Hamburger Generalstaatsanwaltschaft will gegen Linken-Politiker Anklage erheben
Der Hamburger Generalstaatsanwalt hat nach Recherchen von NDR, WDR und „Süddeutscher Zeitung“ die Weisung erteilt, den Linken-Politiker Gregor Gysi anzuklagen – wegen des Verdachts einer falschen eidesstattlichen Versicherung, die er zu seinen möglichen Stasi-Kontakten abgegeben hat. Nun weigert sich der zuständige Staatsanwalt aber, Anklage zu erheben. Ein in der Justiz außergewöhnlicher Vorgang. „Ich habe zu keinem Zeitpunkt über Mandanten oder sonst jemanden wissentlich und willentlich an die Staatssicherheit berichtet.“ Dieser Satz stammt aus einer eidesstattlichen Versicherung, die der Linken-Politiker Gregor Gysi am 18. Januar 2011 unterschrieben hat. Gysi legte sie dem Hamburger Landgericht vor, um sich gegen eine Dokumentation des NDR zu wehren, die unter dem Titel „Die Akte Gysi“ in der ARD ausgestrahlt wurde. Darin ging es um angebliche Kontakte des damaligen DDR-Rechtsanwalts Gregor Gysi zur Stasi und um die Frage, ob Gysi als „IM Notar“ und/oder „IM Gregor“ an die Staatssicherheit berichtet hat.
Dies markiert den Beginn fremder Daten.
(* Let $\flat\in\{>,<\}$. For $\imath\in\{1,\dots,2n-1\}$, the set $\{r\in\mathbb Z\mid(\imath,\frac r2)\in\widehat I^{\mathrm{tw},\flat}_\xi\}$ is a $4$-segment if $\imath\ne n$ and a $2$-segment if $\imath=n$. (For $k\in\mathbb Z_{>0}$, a $k$-segment is a set $\{\ell+sk\mid s=0,\dots,N\}$ with $\ell\in\mathbb Z$, $N\in\mathbb Z_{\ge0}$.) Moreover, the following hold in $\Upsilon_{[\mathcal Q^\flat]}$, whose vertices are labelled by $\overline I^{\mathrm{tw},\flat}_\xi$. - (1) Let $i\le n-2$ and suppose $(i,r-2),(i,r+2)\in\overline I^{\mathrm{tw},\flat}_\xi$. Then $(i-1,r),(i+1,r)\in\overline I^{\mathrm{tw},\flat}_\xi$ (ignoring $(0,r)$ when $i=1$). There are arrows from $(i,r-2)$ to these vertices and from them to $(i,r+2)$, and these are all the arrows exiting $(i,r-2)$, respectively entering $(i,r+2)$. - (2) Suppose $(n-1,r-2),(n-1,r+2)\in\overline I^{\mathrm{tw},\flat}_\xi$. Then $(n-2,r),(n,r-1),(n,r+1)\in\overline I^{\mathrm{tw},\flat}_\xi$ (ignoring $(0,r)$ when $n=2$). There are arrows from $(n-1,r-2)$ to $(n-2,r)$ and $(n,r-1)$, and arrows from $(n-2,r)$ and $(n,r+1)$ to $(n-1,r+2)$. These are all the arrows exiting $(n-1,r-2)$, respectively entering $(n-1,r+2)$. - (3) Suppose $(n,r-1),(n,r+1)\in\overline I^{\mathrm{tw},\flat}_\xi$. Then $(n-1,r)\in\overline I^{\mathrm{tw},\flat}_\xi$. There are arrows from $(n,r-1)$ to $(n-1,r)$ and from $(n-1,r)$ to $(n,r+1)$, and these are all the arrows exiting $(n,r-1)$, respectively entering $(n,r+1)$.
   Context: Fix $n\ge2$. Let $\mathcal Q$ be a quiver with underlying graph the Dynkin diagram of type $\mathrm A_{2n-2}$ (vertices $1,\dots,2n-2$, edges $\{i,i+1\}$), and $\xi$ a height function: $\xi(j)=\xi(i)+1$ for each arrow $i\to j$. Let $\widehat I_\xi=\{(i,p):1\le i\le 2n-2,\ p\equiv\xi(i)\ \mathrm{mod}\ 2,\ \xi(2n-1-i)-(2n-1)<p\le\xi(i)\}$. This is the vertex set of the Auslander–Reiten quiver $\Gamma_{\mathcal Q}$, whose arrows are $(j,p-1)\to(i,p)$ for all $|i-j|=1$ with both endpoints in $\widehat I_\xi$. Let $\phi(i,p)=(i,p)$ for $i\le n-1$ and $\phi(i,p)=(i+1,p)$ for $i\ge n$. The twisted Auslander–Reiten quiver $\Upsilon_{[\mathcal Q^\flat]}$ ($\flat\in\{>,<\}$) has vertex set $\widehat I^{\mathrm{tw},\flat}_\xi$ consisting of: - $\phi(\widehat I_\xi)$; - a vertex $(n,p-\frac12)$ for each arrow $(j,p-1)\to(i,p)$ of $\Gamma_{\mathcal Q}$ with $\{i,j\}=\{n-1,n\}$; - one extra vertex: $(n,r_M+\frac12)$ if $\flat={>}$, or $(n,r_m-\frac12)$ if $\flat={<}$, where $r_M$, $r_m$ are the max and min of $\{p:(n-1,p)\text{ or }(n,p)\in\widehat I_\xi\}$. Its arrows are: - $\phi(j,p-1)\to\phi(i,p)$ for each arrow of $\Gamma_{\mathcal Q}$ with $\{i,j\}\ne\{n-1,n\}$; - $\phi(j,p-1)\to(n,p-\frac12)\to\phi(i,p)$ for each arrow $(j,p-1)\to(i,p)$ of $\Gamma_{\mathcal Q}$ with $\{i,j\}=\{n-1,n\}$; - if $\flat={>}$, the arrow $v_M\to(n,r_M+\frac12)$, where $v_M$ is the unique vertex of $\phi(\widehat I_\xi)$ with first coordinate in $\{n-1,n+1\}$ and second coordinate $r_M$; - if $\flat={<}$, the arrow $(n,r_m-\frac12)\to v_m$, where $v_m$ is the unique vertex of $\phi(\widehat I_\xi)$ with first coordinate in $\{n-1,n+1\}$ and second coordinate $r_m$. Vertices are relabelled by the injective map $(\imath,s)\mapsto(\imath,2s)$ if $\imath\le n$ and $(\imath,s)\mapsto(2n-\imath,2s)$ if $\imath>n$. The image is $\overline I^{\mathrm{tw},\flat}_\xi\subset\{1,\dots,n\}\times\mathbb Z$. *)

From Stdlib Require Import ZArith Lia.
Open Scope Z_scope.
Gysi bestreitet seit mehr als 20 Jahren, an den DDR Geheimdienst berichtet zu haben. Auch gegen die ARD-Dokumentation wehrte er sich und legte die eidesstattliche Versicherung vor. Nachdem einige Zeit später ein Stasi-Aktenvermerk bekannt wurde, der dies erneut in Zweifel gezogen hatte, erstattete ein pensionierter Münchner Richter Strafanzeige gegen Gysi. Der Verdacht: Die eidesstattliche Versicherung entspreche nicht der Wahrheit – Gysi hätte sich in diesem Fall strafbar gemacht. Ihm würden eine Geldstrafe oder eine Freiheitsstrafe bis zu drei Jahren drohen. Später erstattete auch die ehemalige DDR-Bürgerrechtlerin Vera Lengsfeld Anzeige gegen Gysi.
Deshalb ermittelt die Hamburger Staatsanwalt schon seit zweieinhalb Jahren gegen Gysi; immer wieder wurde ein zügiger Abschluss des Ermittlungsverfahrens angekündigt. Inzwischen ist jedoch innerhalb der Hamburger Justiz ein außergewöhnlich harter Streit entbrannt, ob nun Anklage erhoben werden soll oder nicht. Juristisch müsste ein „hinreichender Tatverdacht“ gegen Gysi vorliegen.
Der Behördenleiter, der Hamburger Generalstaatsanwalt Lutz von Selle, hat nach Recherchen von NDR, WDR und „Süddeutscher Zeitung“ aufgrund seiner Kenntnis des Verfahrens Weisung erteilt, Gregor Gysi anzuklagen. Doch der mit dem Fall betraute Staatsanwalt betrachtet den Vorgang ganz anders: Er sieht offenbar keinen „hinreichenden Tatverdacht“. Deshalb ist innerhalb der Justiz ein offener Konflikt ausgebrochen. Weil der ermittelnde Staatsanwalt sich nicht anweisen lassen will, den Linken-Politiker vor Gericht zu bringen, hat er Beschwerde beim Hamburger Justizsenator Till Steffen (Grüne) eingelegt. Dort liegt der Fall nun seit rund zwei Wochen, und der Justizsenator muss entscheiden, ob er die Anweisung für rechtswidrig hält. Diese Prüfung dürfte einige Zeit in Anspruch nehmen.
Eine Sprecherin der Justizbehörde bestätigte den Eingang einer Beschwerde aus der Staatsanwaltschaft, wollte sich zu Details aber nicht äußern. „Der Justizbehörde Hamburg liegt nun eine Beschwerde eines Beamten gegen eine Weisung vor, die er für nicht rechtmäßig hält. Und darüber, über diese Beschwerde, müssen wir nun entscheiden“, sagte die Sprecherin der Justizbehörde, Marion Klabunde.
Auf Anfrage teilte die Staatsanwaltschaft Hamburg mit, dass das Ermittlungsverfahren gegen Gysi noch nicht abgeschlossen sei. Zu internen Vorgängen könne man keine Auskünfte erteilen. (red.)